##### RECORDS FOR THIS EXERCISE
(* Let $X,Y,Z$ be finite random variables forming a Markov chain $X \leftrightarrow Y \leftrightarrow Z$. For $x\in\mathcal X$ let $[x]_{X,Y}$ and $[x]_{X,Z}$ denote the equivalence classes of $x$ under $p_{X,Y}$ and under $p_{X,Z}$, respectively. Then for every $x\in\mathcal X$ such that $p_{X,Z}(x,z)>0$ for some $z\in\mathcal Z$, we have $[x]_{X,Y}\subseteq [x]_{X,Z}$.
   Context: For finite random variables $X,Y$ with (w.l.o.g. disjoint) alphabets $\mathcal X,\mathcal Y$, the bipartite representation $\mathcal B_{X,Y}$ is the bipartite graph with vertex set $\mathcal X\cup\mathcal Y$ and an edge between $x\in\mathcal X$ and $y\in\mathcal Y$ iff $p(X=x)>0$ and $P(Y=y\mid X=x)>0$. The equivalence class $[x]_{X,Y}$ of $x\in\mathcal X$ is the set of $x'\in\mathcal X$ such that there is a path between $x$ and $x'$ in $\mathcal B_{X,Y}$. The classes $[x]_{X,Z}$ are defined analogously from $\mathcal B_{X,Z}$. *)

(* Finite random variables X, Y, Z are given by their joint pmf
   P on the finite alphabets TX * TY * TZ (nonnegative, summing to 1). *)
From HB Require Import structures.
From mathcomp Require Import all_boot all_order all_algebra.
Set Implicit Arguments. Unset Strict Implicit. Unset Printing Implicit Defensive.
Import Order.TTheory GRing.Theory Num.Theory.
Local Open Scope ring_scope.

Section Defs.
Variables (R : realFieldType) (TX TY TZ : finType).

Definition is_pmf (P : {ffun TX * TY * TZ -> R}) : Prop :=
  (forall u, 0 <= P u) /\ \sum_u P u = 1.

Definition pX (P : {ffun TX * TY * TZ -> R}) (x : TX) : R :=
  \sum_(y : TY) \sum_(z : TZ) P (x, y, z).
Definition pY (P : {ffun TX * TY * TZ -> R}) (y : TY) : R :=
  \sum_(x : TX) \sum_(z : TZ) P (x, y, z).
Definition pXY (P : {ffun TX * TY * TZ -> R}) (x : TX) (y : TY) : R :=
  \sum_(z : TZ) P (x, y, z).
Definition pXZ (P : {ffun TX * TY * TZ -> R}) (x : TX) (z : TZ) : R :=
  \sum_(y : TY) P (x, y, z).
Definition pYZ (P : {ffun TX * TY * TZ -> R}) (y : TY) (z : TZ) : R :=
  \sum_(x : TX) P (x, y, z).

(* X <-> Y <-> Z is a Markov chain: X and Z are conditionally independent
   given Y, i.e. p(x,y,z) p(y) = p(x,y) p(y,z) for all x, y, z. *)
Definition markov_chain (P : {ffun TX * TY * TZ -> R}) : Prop :=
  forall x y z, P (x, y, z) * pY P y = pXY P x y * pYZ P y z.
End Defs.

(* Bipartite representation B_{A,B} of a pair of random variables (A,B) with
   marginal pA and joint pAB: vertex set A + B (disjoint union), edge between
   a and b iff p(A=a) > 0 and P(B=b | A=a) = pAB a b / pA a > 0.
   The relation is made symmetric (undirected graph). *)
Definition bip_edge (R : realFieldType) (TA TB : finType)
    (pA : TA -> R) (pAB : TA -> TB -> R) : rel (TA + TB) :=
  fun u v =>
    match u, v with
    | inl a, inr b => (0 < pA a) && (0 < pAB a b / pA a)
    | inr b, inl a => (0 < pA a) && (0 < pAB a b / pA a)
    | _, _ => false
    end.

Definition eq_class (R : realFieldType) (TA TB : finType)
    (pA : TA -> R) (pAB : TA -> TB -> R) (a : TA) : {set TA} :=
  [set a' | connect (bip_edge pA pAB) (inl a) (inl a')].

(** A path in the bipartite graph of (X, Y) alternates between X-symbols and
    Y-symbols, so it suffices that two X-symbols x1, x2 sharing a Y-neighbour y
    are joined in the graph of (X, Z).  Since p(y) > 0, some z has p(y, z) > 0,
    and the Markov identity p(x, y, z) p(y) = p(x, y) p(y, z) makes p(x, y, z),
    hence p(x, z), positive for every X-neighbour x of y: thus x1 - z - x2 is a
    path of the (X, Z)-graph. *)
From mathcomp Require Import all_boot all_order all_algebra.
Set Implicit Arguments. Unset Strict Implicit. Unset Printing Implicit Defensive.
Import Order.TTheory GRing.Theory Num.Theory.
Local Open Scope ring_scope.

Section BipartiteEdges.
Variables (R : realFieldType) (TA TB : finType).
Variables (pA : TA -> R) (pAB : TA -> TB -> R).

Lemma bip_edge_sym : symmetric (bip_edge pA pAB).
Proof. by case=> [a|b] [a'|b']. Qed.

Hypothesis pAB_le_pA : forall a b, pAB a b <= pA a.

Lemma bip_edgeE a b : bip_edge pA pAB (inl a) (inr b) = (0 < pAB a b).
Proof.
apply/andP/idP => [[pA_gt0]|pAB_gt0]; first by rewrite pmulr_lgt0 ?invr_gt0.
have pA_gt0 : 0 < pA a by apply: lt_le_trans pAB_gt0 (pAB_le_pA a b).
by rewrite pA_gt0 divr_gt0.
Qed.

End BipartiteEdges.

Lemma connect_bipartite_inl (TA TB : finType) (e : rel (TA + TB)) (r : rel TA) :
    reflexive r -> transitive r ->
    (forall a1 a2, ~~ e (inl a1) (inl a2)) ->
    (forall b1 b2, ~~ e (inr b1) (inr b2)) ->
    (forall a1 a2 b, e (inl a1) (inr b) -> e (inr b) (inl a2) -> r a1 a2) ->
  forall a a', connect e (inl a) (inl a') -> r a a'.
Proof.
move=> r_refl r_trans no_ll no_rr link a a' /connectP[p].
pose inv u := if u is inl a1 then r a a1
              else [exists a1, r a a1 && e (inl a1) u].
have inv_step u v : inv u -> e u v -> inv v.
  case: u v => [a1|b] [a2|b'] /=.
  - by rewrite (negbTE (no_ll _ _)).
  - by move=> ra1 e1; apply/existsP; exists a1; rewrite ra1.
  - by case/existsP=> a1 /andP[ra1 e1] e2; apply: r_trans ra1 (link _ _ _ e1 e2).
  - by rewrite (negbTE (no_rr _ _)).
have inv_path u q : inv u -> path e u q -> inv (last u q).
  by elim: q u => [|v q IHq] u //= inv_u /andP[euv /IHq]; apply; apply: inv_step euv.
move=> ep a'_last; have := inv_path _ _ (r_refl a : inv (inl a)) ep.
by rewrite -a'_last.
Qed.

Section Marginals.
Variables (R : realFieldType) (TX TY TZ : finType).
Variable P : {ffun TX * TY * TZ -> R}.
Hypothesis P_ge0 : forall u, 0 <= P u.

Lemma pXY_ge0 x y : 0 <= pXY P x y.
Proof. exact: sumr_ge0. Qed.

Lemma pXZ_ge0 x z : 0 <= pXZ P x z.
Proof. exact: sumr_ge0. Qed.

Lemma pYZ_ge0 y z : 0 <= pYZ P y z.
Proof. exact: sumr_ge0. Qed.

Lemma pXY_le_pX x y : pXY P x y <= pX P x.
Proof. by rewrite /pX (bigD1 y) //= lerDl sumr_ge0 // => y' _; apply: pXY_ge0. Qed.

Lemma pXZ_le_pX x z : pXZ P x z <= pX P x.
Proof.
by rewrite /pX exchange_big (bigD1 z) //= lerDl sumr_ge0 // => z' _; apply: pXZ_ge0.
Qed.

Lemma pXY_le_pY x y : pXY P x y <= pY P y.
Proof. by rewrite /pY (bigD1 x) //= lerDl sumr_ge0 // => x' _; apply: pXY_ge0. Qed.

Lemma P_le_pXZ x y z : P (x, y, z) <= pXZ P x z.
Proof. by rewrite /pXZ (bigD1 y) //= lerDl sumr_ge0. Qed.

Lemma pY_sum_pYZ y : pY P y = \sum_z pYZ P y z.
Proof. exact: exchange_big. Qed.

Hypothesis markov : markov_chain P.

Lemma markov_pXZ_gt0 x y z : 0 < pXY P x y -> 0 < pYZ P y z -> 0 < pXZ P x z.
Proof.
move=> pXY_gt0 pYZ_gt0.
have pY_gt0 : 0 < pY P y by apply: lt_le_trans pXY_gt0 (pXY_le_pY x y).
have : 0 < P (x, y, z) * pY P y by rewrite markov mulr_gt0.
by rewrite pmulr_lgt0 // => /lt_le_trans; apply; apply: P_le_pXZ.
Qed.

Lemma markov_common_pXZ x1 x2 y :
  0 < pXY P x1 y -> 0 < pXY P x2 y ->
  exists z, 0 < pXZ P x1 z /\ 0 < pXZ P x2 z.
Proof.
move=> pXY1_gt0 pXY2_gt0.
have pY_gt0 : 0 < pY P y by apply: lt_le_trans pXY1_gt0 (pXY_le_pY x1 y).
have [z /andP[_ pYZ_gt0]] : exists z, predT z && (0 < pYZ P y z).
  apply: psumr_neq0P => [z _|]; first exact: pYZ_ge0.
  by apply/eqP; rewrite -pY_sum_pYZ gt_eqF.
by exists z; split; apply: markov_pXZ_gt0 pYZ_gt0.
Qed.

End Marginals.

Theorem lemma2 (R : realFieldType) (TX TY TZ : finType)
    (P : {ffun TX * TY * TZ -> R}) :
  is_pmf P -> markov_chain P ->
  forall x : TX, (exists z : TZ, 0 < pXZ P x z) ->
    eq_class (pX P) (pXY P) x \subset eq_class (pX P) (pXZ P) x.
Proof.
move=> [P_ge0 _] markov x _.
have edgeXY := bip_edgeE (pXY_le_pX P_ge0).
have edgeXZ := bip_edgeE (pXZ_le_pX P_ge0).
pose linkedXZ a1 a2 := connect (bip_edge (pX P) (pXZ P)) (inl a1) (inl a2).
apply/subsetP => a; rewrite !inE.
apply: (connect_bipartite_inl (r := linkedXZ)) => //.
- by move=> a1; apply: connect0.
- by move=> ? ? ?; apply: connect_trans.
move=> a1 a2 y; rewrite (bip_edge_sym _ _ (inr y)) !edgeXY => pXY1_gt0 pXY2_gt0.
have [z [pXZ1_gt0 pXZ2_gt0]] := markov_common_pXZ P_ge0 markov pXY1_gt0 pXY2_gt0.
apply: (connect_trans (y := inr z)); apply: connect1; first by rewrite edgeXZ.
by rewrite bip_edge_sym edgeXZ.
Qed.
##########
Take the lines above from the one containing "Proof. exact: exchange_big. Qed." to the one containing "Lemma markov_common_pXZ x1" and retype them exactly, both ends included, with nothing added.

Proof. exact: exchange_big. Qed.

Hypothesis markov : markov_chain P.

Lemma markov_pXZ_gt0 x y z : 0 < pXY P x y -> 0 < pYZ P y z -> 0 < pXZ P x z.
Proof.
move=> pXY_gt0 pYZ_gt0.
have pY_gt0 : 0 < pY P y by apply: lt_le_trans pXY_gt0 (pXY_le_pY x y).
have : 0 < P (x, y, z) * pY P y by rewrite markov mulr_gt0.
by rewrite pmulr_lgt0 // => /lt_le_trans; apply; apply: P_le_pXZ.
Qed.

Lemma markov_common_pXZ x1 x2 y :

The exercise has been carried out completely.